Fixpoint freq_sum (F : list nat) : nat :=
  match F with nil => O | k :: F' => (n k + freq_sum F')%nat end.

(* The frequencies [sum_(k in F) e_k n_k], [e_k in {-1, 0, 1}], occurring in [riesz F]. *)
Fixpoint spectrum (F : list nat) (s : Z) : Prop :=
  match F with
  | nil => s = 0%Z
  | k :: F' => spectrum F' s \/ spectrum F' (s - Z.of_nat (n k))%Z
               \/ spectrum F' (s + Z.of_nat (n k))%Z
  end.

Fixpoint lacunary (Q : R) (F : list nat) : Prop :=
  match F with
  | nil => True
  | k :: F' => lacunary Q F' /\ (Q - 1) * INR (freq_sum F') <= INR (n k)
  end.

Lemma riesz_factor_abs_le1 k t : Rabs (riesz_factor k t) <= 1.
Proof.
  eapply Rle_trans; [apply trig_abs_le|].
  rewrite <- sqrt_1. apply sqrt_le_1_alt, cmod_normalize_sqr_le1.
Qed.

Lemma riesz_nonneg F t : 0 <= riesz F t.
Proof.
  induction F as [|k F IH]; simpl; [lra|]. apply Rmult_le_pos; auto.
  pose proof (riesz_factor_abs_le1 k t) as H.
  pose proof (Rle_abs (- riesz_factor k t)). rewrite Rabs_Ropp in *. lra.
Qed.

Lemma grid_sum_riesz_cons k F M m a b :
  let c := ar k / cmod (ar k) (ai k) in let d := ai k / cmod (ar k) (ai k) in
  grid_sum M (fun t => riesz (k :: F) t * trig m a b t) =
  grid_sum M (fun t => riesz F t * trig m a b t)
  + / 2 * grid_sum M (fun t => riesz F t * trig (m + Z.of_nat (n k)) (a * c - b * d) (a * d + b * c) t)
  + / 2 * grid_sum M (fun t => riesz F t * trig (m - Z.of_nat (n k)) (a * c + b * d) (b * c - a * d) t).
Proof.
  intros c d. unfold grid_sum. rewrite <- !sum_lt_scal, <- !sum_lt_add.
  apply sum_lt_ext. intros j _. simpl riesz. unfold riesz_factor. fold c d.
  set (t := grid M j).
  transitivity (riesz F t * trig m a b t + riesz F t * (trig m a b t * trig (Z.of_nat (n k)) c d t));
    [ring|].
  rewrite trig_mul. ring.
Qed.

Lemma spectrum_abs_le F s : spectrum F s -> (Z.abs s <= Z.of_nat (freq_sum F))%Z.
Proof.
  revert s; induction F as [|k F IH]; simpl; intros s H.
  - subst. simpl. lia.
  - destruct H as [H|[H|H]]; apply IH in H; lia.
Qed.

Lemma freq_le_freq_sum F k : In k F -> (n k <= freq_sum F)%nat.
Proof.
  induction F as [|t F IH]; simpl; intros H; [contradiction|].
  destruct H as [->|H]; [lia|]. apply IH in H. lia.
Qed.

(* The bound on [M] rules out aliasing on the grid. *)
Lemma grid_sum_riesz_off_spectrum M F : forall m a b,
  (Z.abs m + Z.of_nat (freq_sum F) < Z.of_nat M)%Z -> ~ spectrum F m ->
  grid_sum M (fun t => riesz F t * trig m a b t) = 0.
Proof.
  induction F as [|k F IH]; intros m a b Hm Hs.
  - rewrite (grid_sum_ext _ _ (trig m a b)) by (intros; simpl; ring).
    apply grid_sum_trig. simpl in Hm, Hs. lia.
  - rewrite grid_sum_riesz_cons. simpl in Hm, Hs. rewrite !IH by (lia || tauto). ring.
Qed.

Lemma spectrum_near_freq Q F s : 1 <= Q -> lacunary Q F -> spectrum F s -> s <> 0%Z ->
  exists i, In i F /\ (Q - 1) * Rabs (IZR (Z.abs s) - INR (n i)) <= INR (n i).
Proof.
  intros HQ. revert s; induction F as [|k F IH]; simpl; intros s HL H Hs; [contradiction|].
  destruct HL as [HL HB].
  assert (Hk : forall s', spectrum F s' -> (Z.abs (Z.abs s - Z.of_nat (n k)) <= Z.abs s')%Z ->
      exists i, (k = i \/ In i F) /\ (Q - 1) * Rabs (IZR (Z.abs s) - INR (n i)) <= INR (n i)).
  { intros s' H1 H2. exists k; split; auto. apply spectrum_abs_le in H1.
    apply Rle_trans with ((Q - 1) * INR (freq_sum F)); auto.
    apply Rmult_le_compat_l; [lra|].
    rewrite (INR_IZR_INZ (n k)), <- minus_IZR, <- abs_IZR, INR_IZR_INZ. apply IZR_le. lia. }
  destruct H as [H|[H|H]].
  - destruct (IH s HL H Hs) as [i [Hi1 Hi2]]. exists i. auto.
  - apply (Hk _ H). lia.
  - apply (Hk _ H). lia.
Qed.

Variable Q : R.
Hypothesis Q_gt3 : 3 < Q.
Hypothesis n_pos : forall k, (0 < n k)%nat.

Lemma lacunary_head k F : lacunary Q (k :: F) -> (2 * freq_sum F < n k)%nat.
Proof.
  simpl; intros [_ H]. apply INR_lt. rewrite !plus_INR. simpl (INR 0).
  assert (0 < INR (n k)) by (apply lt_0_INR; auto).
  assert (0 <= INR (freq_sum F)) by apply pos_INR.
  destruct (Req_dec (INR (freq_sum F)) 0) as [E|E]; [rewrite E; lra|]. nra.
Qed.

Lemma lacunary_NoDup F : lacunary Q F -> NoDup F.
Proof.
  induction F as [|t F IH]; intros HL; constructor.
  - intro HI. pose proof (lacunary_head _ _ HL). pose proof (freq_le_freq_sum F t HI). lia.
  - apply IH, HL.
Qed.

Lemma grid_sum_riesz M F : lacunary Q F -> (freq_sum F < M)%nat ->
  grid_sum M (riesz F) = INR M.
Proof.
  induction F as [|k F IH]; intros HL HM.
  - unfold grid_sum. simpl. rewrite sum_lt_const. ring.
  - pose proof (lacunary_head _ _ HL) as HB. destruct HL as [HL _]. simpl in HM.
    transitivity (grid_sum M (riesz F) + grid_sum M (fun t => riesz F t * riesz_factor k t)).
    + unfold grid_sum. rewrite <- sum_lt_add. apply sum_lt_ext. intros. simpl. ring.
    + unfold riesz_factor. rewrite IH, grid_sum_riesz_off_spectrum by
        (auto || lia || (intro Hs; apply spectrum_abs_le in Hs; lia)). ring.
Qed.

Lemma grid_sum_riesz_trig0 M F a b : lacunary Q F -> (freq_sum F < M)%nat ->
  grid_sum M (fun t => riesz F t * trig 0 a b t) = INR M * a.
Proof.
  intros HL HM. rewrite <- (grid_sum_riesz M F HL HM). unfold grid_sum.
  rewrite Rmult_comm, <- sum_lt_scal. apply sum_lt_ext. intros. rewrite trig0. ring.
Qed.

Lemma grid_sum_riesz_freq M F k a b : lacunary Q F -> In k F -> (n k + freq_sum F < M)%nat ->
  grid_sum M (fun t => riesz F t * trig (Z.of_nat (n k)) a b t) =
  INR M / 2 * (a * (ar k / cmod (ar k) (ai k)) + b * (ai k / cmod (ar k) (ai k))).
Proof.
  induction F as [|t F IH]; intros HL Hk HM; [contradiction|].
  pose proof (lacunary_head _ _ HL) as HB. destruct HL as [HL _]. simpl in HM.
  assert (Hoff : forall m a' b', (Z.abs m <= Z.of_nat (n k) + Z.of_nat (n t))%Z ->
            ~ spectrum F m -> grid_sum M (fun t => riesz F t * trig m a' b' t) = 0).
  { intros. apply grid_sum_riesz_off_spectrum; auto. destruct Hk as [<-|Hk]; [lia|].
    pose proof (freq_le_freq_sum F k Hk). lia. }
  rewrite grid_sum_riesz_cons.
  destruct (Nat.eq_dec k t) as [<-|E].
  - rewrite Z.sub_diag, grid_sum_riesz_trig0, !Hoff
      by (auto || lia || (intro Hs; apply spectrum_abs_le in Hs; lia)).
    unfold Rdiv. ring.
  - destruct Hk as [Hk|Hk]; [congruence|].
    pose proof (freq_le_freq_sum F k Hk).
    rewrite IH, !Hoff by (auto || lia || (intro Hs; apply spectrum_abs_le in Hs; lia)). ring.
Qed.

End RieszProducts.

(** * Necessity of the coefficient bound *)

(* Convergence at the larger radius [(1 + r) / 2] makes [|a_k| r^(n_k)] geometrically small. *)
Lemma coef_geometric_bound n ar ai r : converges_in_disk n ar ai -> (forall k, (k <= n k)%nat) ->
  0 <= r < 1 -> exists q N, 0 <= q < 1 /\
    forall k, (N <= k)%nat -> cmod (ar k) (ai k) * r ^ n k <= 2 * q ^ k.
Proof.
  intros Hc Hkn Hr. set (r' := (1 + r) / 2). set (q := r / r').
  assert (Hq : 0 <= q < 1).
  { unfold q, r'. split; [apply Rmult_le_pos; [lra|left; apply Rinv_0_lt_compat; lra]|].
    apply Rmult_lt_reg_r with ((1 + r) / 2); [lra|]. unfold Rdiv. rewrite Rmult_assoc, Rinv_l; lra. }
  assert (Erq : r = q * r') by (unfold q, r'; field; lra).
  destruct (Hc r' 0 ltac:(unfold r'; lra)) as [[l1 H1] [l2 H2]].
  destruct (series_terms_eventually_le1 _ _ H1) as [N1 HN1].
  destruct (series_terms_eventually_le1 _ _ H2) as [N2 HN2].
  exists q, (Nat.max N1 N2). split; auto. intros k Hk.
  pose proof (HN1 k ltac:(lia)) as A1. pose proof (HN2 k ltac:(lia)) as A2.
  unfold re_term, im_term in A1, A2. rewrite Rmult_0_r, cos_0, sin_0 in A1, A2.
  assert (Hpos : 0 <= r' ^ n k) by (apply pow_le; unfold r'; lra).
  replace (ar k * 1 - ai k * 0) with (ar k) in A1 by ring.
  replace (ar k * 0 + ai k * 1) with (ai k) in A2 by ring.
  rewrite Rabs_mult, (Rabs_right (r' ^ n k)) in A1, A2 by lra.
  rewrite Erq, Rpow_mult_distr.
  pose proof (cmod_le_abs (ar k) (ai k)). pose proof (cmod_nonneg (ar k) (ai k)).
  pose proof (pow_le q (n k) (proj1 Hq)). pose proof (pow_le1_antimono q k (n k) ltac:(lra) (Hkn k)).
  apply Rle_trans with ((Rabs (ar k) + Rabs (ai k)) * r' ^ n k * q ^ n k).
  - rewrite Rmult_assoc, (Rmult_comm (q ^ n k)). apply Rmult_le_compat_r; nra.
  - nra.
Qed.

Lemma re_partial_sum_uniform n ar ai r eps : converges_in_disk n ar ai ->
  (forall k, (k <= n k)%nat) -> 0 <= r < 1 -> 0 < eps ->
  exists k0, forall k, (k0 <= k)%nat -> forall t l, u_value n ar ai r t l ->
    Rabs (l - sum_f_R0 (re_term n ar ai r t) k) <= eps.
Proof.
  intros Hc Hkn Hr He.
  destruct (coef_geometric_bound n ar ai r Hc Hkn Hr) as [q [N [Hq Hgeom]]].
  destruct (geometric_tail_small q eps Hq He) as [k0 Hk0].
  exists (Nat.max N k0). intros k Hk t l Hl. apply Un_cv_sum_f_R0_tail; auto. intro p.
  eapply Rle_trans; [apply sum_lt_abs|]. eapply Rle_trans; [|apply (Hk0 k); lia].
  apply sum_lt_le. intros i _. eapply Rle_trans; [apply re_term_abs_le; lra|]. apply Hgeom. lia.
Qed.

Section RieszEstimate.

Variables (n : nat -> nat) (ar ai : nat -> R) (Q : R).
Hypothesis conv : converges_in_disk n ar ai.
Hypothesis Q_gt3 : 3 < Q.
Hypothesis n_pos : forall k, (0 < n k)%nat.
Hypothesis n_ge : forall k, (k <= n k)%nat.
Hypothesis n_mono : forall i k, (i <= k)%nat -> (n i <= n k)%nat.
Hypothesis n_separated : forall i k, i <> k -> INR (n i) < (Q - 1) * Rabs (INR (n k) - INR (n i)).

(* Separation keeps every [n_k] with [k] outside [F] off the spectrum of [riesz F], so pairing
   picks out exactly the terms indexed by [F]. *)
Lemma grid_sum_riesz_re_partial_sum r F k0 : lacunary n Q F -> (freq_sum n F <= k0)%nat ->
  let M := (n k0 + freq_sum n F + 1)%nat in
  grid_sum M (fun t => riesz n ar ai F t * sum_f_R0 (re_term n ar ai r t) k0)
  = INR M / 2 * sum_list (fun k => cmod (ar k) (ai k) * r ^ n k) F.
Proof.
  intros HL Hk0 M. unfold grid_sum.
  rewrite (sum_lt_ext _ (fun j => sum_lt (fun k => riesz n ar ai F (grid M j)
                                   * re_term n ar ai r (grid M j) k) (S k0)))
    by (intros; rewrite sum_f_R0_sum_lt, <- sum_lt_scal; reflexivity).
  rewrite sum_lt_swap, <- sum_list_scal, <- (sum_lt_indicator _ F (S k0)).
  - apply sum_lt_ext. intros k Hk. fold (grid_sum M (fun t => riesz n ar ai F t * re_term n ar ai r t k)).
    rewrite (grid_sum_ext _ _ (fun t => riesz n ar ai F t
               * trig (Z.of_nat (n k)) (r ^ n k * ar k) (r ^ n k * ai k) t))
      by (intros; rewrite re_term_trig; auto).
    pose proof (n_mono k k0 ltac:(lia)).
    destruct (in_dec Nat.eq_dec k F) as [I|I].
    + rewrite (grid_sum_riesz_freq n ar ai Q) by (auto || unfold M; lia). rewrite cmod_scale_dot. ring.
    + apply grid_sum_riesz_off_spectrum; [unfold M; lia|]. intro HS.
      destruct (spectrum_near_freq n Q F _ ltac:(lra) HL HS) as [i [Hi1 Hi2]]; [pose proof (n_pos k); lia|].
      assert (i <> k) by congruence.
      pose proof (n_separated i k H0). rewrite Z.abs_eq, <- INR_IZR_INZ in Hi2 by lia. lra.
  - apply (lacunary_NoDup n Q); auto.
  - intros k Hk. pose proof (freq_le_freq_sum n F k Hk). pose proof (n_ge k). lia.
Qed.

(* Pairing [u] against the nonnegative Riesz product of mean 1. *)
Lemma riesz_coef_sum_le r C F : 0 <= r < 1 -> (forall t l, u_value n ar ai r t l -> l <= C) ->
  lacunary n Q F -> sum_list (fun k => cmod (ar k) (ai k) * r ^ n k) F <= 2 * C.
Proof.
  intros Hr Hu HL. set (S0 := sum_list (fun k => cmod (ar k) (ai k) * r ^ n k) F).
  cut (S0 / 2 <= C); [lra|]. apply le_epsilon. intros eps He.
  destruct (re_partial_sum_uniform n ar ai r eps conv n_ge Hr He) as [k1 Hk1].
  set (k0 := Nat.max k1 (freq_sum n F)). set (M := (n k0 + freq_sum n F + 1)%nat).
  assert (HM : 0 < INR M) by (apply lt_0_INR; unfold M; lia).
  assert (Hpartial : forall t, sum_f_R0 (re_term n ar ai r t) k0 <= C + eps).
  { intro t. destruct (conv r t Hr) as [[l Hl] _].
    pose proof (Hu t l Hl). pose proof (Hk1 k0 ltac:(unfold k0; lia) t l Hl) as Hclose.
    pose proof (Rle_abs (sum_f_R0 (re_term n ar ai r t) k0 - l)) as Habs.
    rewrite Rabs_minus_sym in Habs. lra. }
  assert (Hpair : INR M / 2 * S0 <= INR M * (C + eps)).
  { unfold S0, M. rewrite <- (grid_sum_riesz_re_partial_sum r F k0 HL ltac:(unfold k0; lia)). fold M.
    rewrite <- (grid_sum_riesz_trig0 n ar ai Q Q_gt3 n_pos M F (C + eps) 0 HL ltac:(lia)).
    apply grid_sum_le. intro t. rewrite trig0.
    apply Rmult_le_compat_l; [apply riesz_nonneg|auto]. }
  apply Rmult_le_reg_l with (INR M); lra.
Qed.

End RieszEstimate.

Fixpoint progression (c s I : nat) : list nat :=
  match I with O => c :: nil | S I' => (c + s * I)%nat :: progression c s I' end.

Lemma sum_list_progression f c s I :
  sum_list f (progression c s I) = sum_lt (fun i => f (c + s * i)%nat) (S I).
Proof.
  induction I as [|I IH]; simpl; [rewrite Nat.mul_0_r, Nat.add_0_r; ring|].
  simpl in IH. rewrite IH. ring.
Qed.

Lemma progression_lacunary n Q c s I : 1 < Q -> (forall k, INR (n (k + s)%nat) >= Q * INR (n k)) ->
  lacunary n Q (progression c s I)
  /\ INR (freq_sum n (progression c s I)) * (Q - 1) <= Q * INR (n (c + s * I)%nat).
Proof.
  intros HQ Hs. induction I as [|I [IH1 IH2]].
  - simpl. rewrite Nat.mul_0_r, !Nat.add_0_r. pose proof (pos_INR (n c)).
    split; [split; [exact I|simpl; lra]|nra].
  - simpl progression. simpl freq_sum.
    pose proof (Hs (c + s * I)%nat) as H. replace (c + s * I + s)%nat with (c + s * S I)%nat in H by lia.
    split; [split; auto; lra|]. rewrite plus_INR. pose proof (pos_INR (n (c + s * S I)%nat)). nra.
Qed.
(* Let $F\colon\mathbb{A}\to\mathbb{B}$ be a double functor between double categories. Then $F$ is a double fibration if and only if both 2-functors $\mathbf{H}F\colon\mathbf{H}\mathbb{A}\to\mathbf{H}\mathbb{B}$ and $\mathcal{V}F\colon\mathcal{V}\mathbb{A}\to\mathcal{V}\mathbb{B}$ are Lack fibrations.
   Context: A double category has objects, horizontal morphisms, vertical morphisms and squares; a square $\alpha\colon(u\,{}^{a}_{b}\,v)$ has top horizontal boundary $a\colon A\to B$, bottom horizontal boundary $b\colon A'\to B'$, left vertical boundary $u\colon A\to A'$ and right vertical boundary $v\colon B\to B'$; compositions are strictly associative and unital and satisfy interchange; $e_A$ is the vertical identity on $A$; a square is vertically invertible if it is invertible for vertical composition. $\mathbf{H}\mathbb{A}$ is the underlying horizontal 2-category of $\mathbb{A}$: objects and horizontal morphisms of $\mathbb{A}$, and as 2-cells $a\Rightarrow b$ the squares $(e_A\,{}^{a}_{b}\,e_B)$. $\mathcal{V}\mathbb{A}$ is the 2-category whose objects are vertical morphisms $u\colon A\to A'$ of $\mathbb{A}$, whose morphisms $u\to v$ are squares with left boundary $u$ and right boundary $v$ (composed horizontally), and whose 2-cells from $\alpha\colon(u\,{}^{a}_{b}\,v)$ to $\beta\colon(u\,{}^{c}_{d}\,v)$ are pairs of squares $\sigma_0\colon(e_A\,{}^{a}_{c}\,e_B)$, $\sigma_1\colon(e_{A'}\,{}^{b}_{d}\,e_{B'})$ such that $\sigma_0$ vertically composed on top of $\beta$ equals $\alpha$ vertically composed on top of $\sigma_1$. A horizontal morphism is a horizontal equivalence if it is an equivalence in $\mathbf{H}\mathbb{A}$; a square is weakly horizontally invertible if it is an equivalence in $\mathcal{V}\mathbb{A}$. A 2-functor $G\colon\mathcal{A}\to\mathcal{B}$ is a Lack fibration if (f1) for every equivalence $b\colon B\to GC$ in $\mathcal{B}$ there is an equivalence $a\colon A\to C$ in $\mathcal{A}$ with $Ga=b$; (f2) for every morphism $c\colon A\to C$ in $\mathcal{A}$ and invertible 2-cell $\beta\colon b\cong Gc$ in $\mathcal{B}$ there is an invertible 2-cell $\alpha\colon a\cong c$ in $\mathcal{A}$ with $G\alpha=\beta$. A double functor $F\colon\mathbb{A}\to\mathbb{B}$ is a double fibration if (df1) for every horizontal equivalence $b\colon B\to FC$ in $\mathbb{B}$ there is a horizontal equivalence $a\colon A\to C$ in $\mathbb{A}$ with $Fa=b$; (df2) for every horizontal morphism $c\colon A\to C$ in $\mathbb{A}$ and every vertically invertible square $\beta\colon(e_{FA}\,{}^{b}_{Fc}\,e_{FC})$ in $\mathbb{B}$ there is a vertically invertible square $\alpha\colon(e_A\,{}^{a}_{c}\,e_C)$ in $\mathbb{A}$ with $F\alpha=\beta$; (df3) for every vertical morphism $u'\colon C\to C'$ in $\mathbb{A}$ and every weakly horizontally invertible square $\beta$ in $\mathbb{B}$ with right boundary $Fu'$ (and some left boundary $v\colon B\to B'$), there is a weakly horizontally invertible square $\alpha$ in $\mathbb{A}$ with right boundary $u'$ and $F\alpha=\beta$. *)

From Stdlib Require Import ProofIrrelevance.

Set Implicit Arguments.
Unset Strict Implicit.

(* Strict double categories.  Composition is written in diagrammatic order:  *)
(* [hcomp f g] is "f then g".  Composition operations are total functions;   *)
(* all axioms only constrain composable pairs, so values on non-composable    *)
(* pairs are irrelevant junk (every double category in the usual sense is     *)
(* represented, and all notions below only use composable pairs).            *)

Record DoubleCat : Type := {
  ob : Type;
  hom : Type; hsrc : hom -> ob; htgt : hom -> ob;
  hid : ob -> hom; hcomp : hom -> hom -> hom;
  ver : Type; vsrc : ver -> ob; vtgt : ver -> ob;
  vid : ob -> ver; vcomp : ver -> ver -> ver;
  sq : Type; stop : sq -> hom; sbot : sq -> hom; slft : sq -> ver; srgt : sq -> ver;
  sq_hid : ver -> sq;
  sq_vid : hom -> sq;
  sq_hcomp : sq -> sq -> sq;
  sq_vcomp : sq -> sq -> sq;  (* vertical composition: sq_vcomp a b = a on top of b *)

  hsrc_hid : forall X, hsrc (hid X) = X;
  htgt_hid : forall X, htgt (hid X) = X;
  hsrc_hcomp : forall f g, htgt f = hsrc g -> hsrc (hcomp f g) = hsrc f;
  htgt_hcomp : forall f g, htgt f = hsrc g -> htgt (hcomp f g) = htgt g;
  hcomp_id_l : forall f, hcomp (hid (hsrc f)) f = f;
  hcomp_id_r : forall f, hcomp f (hid (htgt f)) = f;
  hcomp_assoc : forall f g h, htgt f = hsrc g -> htgt g = hsrc h ->
      hcomp (hcomp f g) h = hcomp f (hcomp g h);
  vsrc_vid : forall X, vsrc (vid X) = X;
  vtgt_vid : forall X, vtgt (vid X) = X;
  vsrc_vcomp : forall u v, vtgt u = vsrc v -> vsrc (vcomp u v) = vsrc u;
  vtgt_vcomp : forall u v, vtgt u = vsrc v -> vtgt (vcomp u v) = vtgt v;
  vcomp_id_l : forall u, vcomp (vid (vsrc u)) u = u;
  vcomp_id_r : forall u, vcomp u (vid (vtgt u)) = u;
  vcomp_assoc : forall u v w, vtgt u = vsrc v -> vtgt v = vsrc w ->
      vcomp (vcomp u v) w = vcomp u (vcomp v w);
  stop_hsrc : forall a, hsrc (stop a) = vsrc (slft a);
  stop_htgt : forall a, htgt (stop a) = vsrc (srgt a);
  sbot_hsrc : forall a, hsrc (sbot a) = vtgt (slft a);
  sbot_htgt : forall a, htgt (sbot a) = vtgt (srgt a);
  sq_hid_top : forall u, stop (sq_hid u) = hid (vsrc u);
  sq_hid_bot : forall u, sbot (sq_hid u) = hid (vtgt u);
  sq_hid_lft : forall u, slft (sq_hid u) = u;
  sq_hid_rgt : forall u, srgt (sq_hid u) = u;
  sq_vid_top : forall f, stop (sq_vid f) = f;
  sq_vid_bot : forall f, sbot (sq_vid f) = f;
  sq_vid_lft : forall f, slft (sq_vid f) = vid (hsrc f);
  sq_vid_rgt : forall f, srgt (sq_vid f) = vid (htgt f);
  sq_hcomp_top : forall a b, srgt a = slft b -> stop (sq_hcomp a b) = hcomp (stop a) (stop b);
  sq_hcomp_bot : forall a b, srgt a = slft b -> sbot (sq_hcomp a b) = hcomp (sbot a) (sbot b);
  sq_hcomp_lft : forall a b, srgt a = slft b -> slft (sq_hcomp a b) = slft a;
  sq_hcomp_rgt : forall a b, srgt a = slft b -> srgt (sq_hcomp a b) = srgt b;
  sq_vcomp_top : forall a b, sbot a = stop b -> stop (sq_vcomp a b) = stop a;
  sq_vcomp_bot : forall a b, sbot a = stop b -> sbot (sq_vcomp a b) = sbot b;
  sq_vcomp_lft : forall a b, sbot a = stop b -> slft (sq_vcomp a b) = vcomp (slft a) (slft b);
  sq_vcomp_rgt : forall a b, sbot a = stop b -> srgt (sq_vcomp a b) = vcomp (srgt a) (srgt b);
  sq_hcomp_id_l : forall a, sq_hcomp (sq_hid (slft a)) a = a;
  sq_hcomp_id_r : forall a, sq_hcomp a (sq_hid (srgt a)) = a;
  sq_vcomp_id_l : forall a, sq_vcomp (sq_vid (stop a)) a = a;
  sq_vcomp_id_r : forall a, sq_vcomp a (sq_vid (sbot a)) = a;
  sq_hcomp_assoc : forall a b c, srgt a = slft b -> srgt b = slft c ->
      sq_hcomp (sq_hcomp a b) c = sq_hcomp a (sq_hcomp b c);
  sq_vcomp_assoc : forall a b c, sbot a = stop b -> sbot b = stop c ->
      sq_vcomp (sq_vcomp a b) c = sq_vcomp a (sq_vcomp b c);
  sq_interchange : forall a b c d, srgt a = slft b -> srgt c = slft d ->
      sbot a = stop c -> sbot b = stop d ->
      sq_vcomp (sq_hcomp a b) (sq_hcomp c d) = sq_hcomp (sq_vcomp a c) (sq_vcomp b d);
  sq_vid_hcomp : forall f g, htgt f = hsrc g ->
      sq_vid (hcomp f g) = sq_hcomp (sq_vid f) (sq_vid g);
  sq_hid_vcomp : forall u v, vtgt u = vsrc v ->
      sq_hid (vcomp u v) = sq_vcomp (sq_hid u) (sq_hid v);
  sq_vid_hid : forall X, sq_vid (hid X) = sq_hid (vid X)
}.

**TASK OBJECTIVE:**
Looking at the data above, return every line from the one with "intros Hc Hkn Hr He." down to the one with "ai r t) k0)", exactly and inclusively.

**ANSWER TO THIS EXERCISE:**
  intros Hc Hkn Hr He.
  destruct (coef_geometric_bound n ar ai r Hc Hkn Hr) as [q [N [Hq Hgeom]]].
  destruct (geometric_tail_small q eps Hq He) as [k0 Hk0].
  exists (Nat.max N k0). intros k Hk t l Hl. apply Un_cv_sum_f_R0_tail; auto. intro p.
  eapply Rle_trans; [apply sum_lt_abs|]. eapply Rle_trans; [|apply (Hk0 k); lia].
  apply sum_lt_le. intros i _. eapply Rle_trans; [apply re_term_abs_le; lra|]. apply Hgeom. lia.
Qed.

Section RieszEstimate.

Variables (n : nat -> nat) (ar ai : nat -> R) (Q : R).
Hypothesis conv : converges_in_disk n ar ai.
Hypothesis Q_gt3 : 3 < Q.
Hypothesis n_pos : forall k, (0 < n k)%nat.
Hypothesis n_ge : forall k, (k <= n k)%nat.
Hypothesis n_mono : forall i k, (i <= k)%nat -> (n i <= n k)%nat.
Hypothesis n_separated : forall i k, i <> k -> INR (n i) < (Q - 1) * Rabs (INR (n k) - INR (n i)).

(* Separation keeps every [n_k] with [k] outside [F] off the spectrum of [riesz F], so pairing
   picks out exactly the terms indexed by [F]. *)
Lemma grid_sum_riesz_re_partial_sum r F k0 : lacunary n Q F -> (freq_sum n F <= k0)%nat ->
  let M := (n k0 + freq_sum n F + 1)%nat in
  grid_sum M (fun t => riesz n ar ai F t * sum_f_R0 (re_term n ar ai r t) k0)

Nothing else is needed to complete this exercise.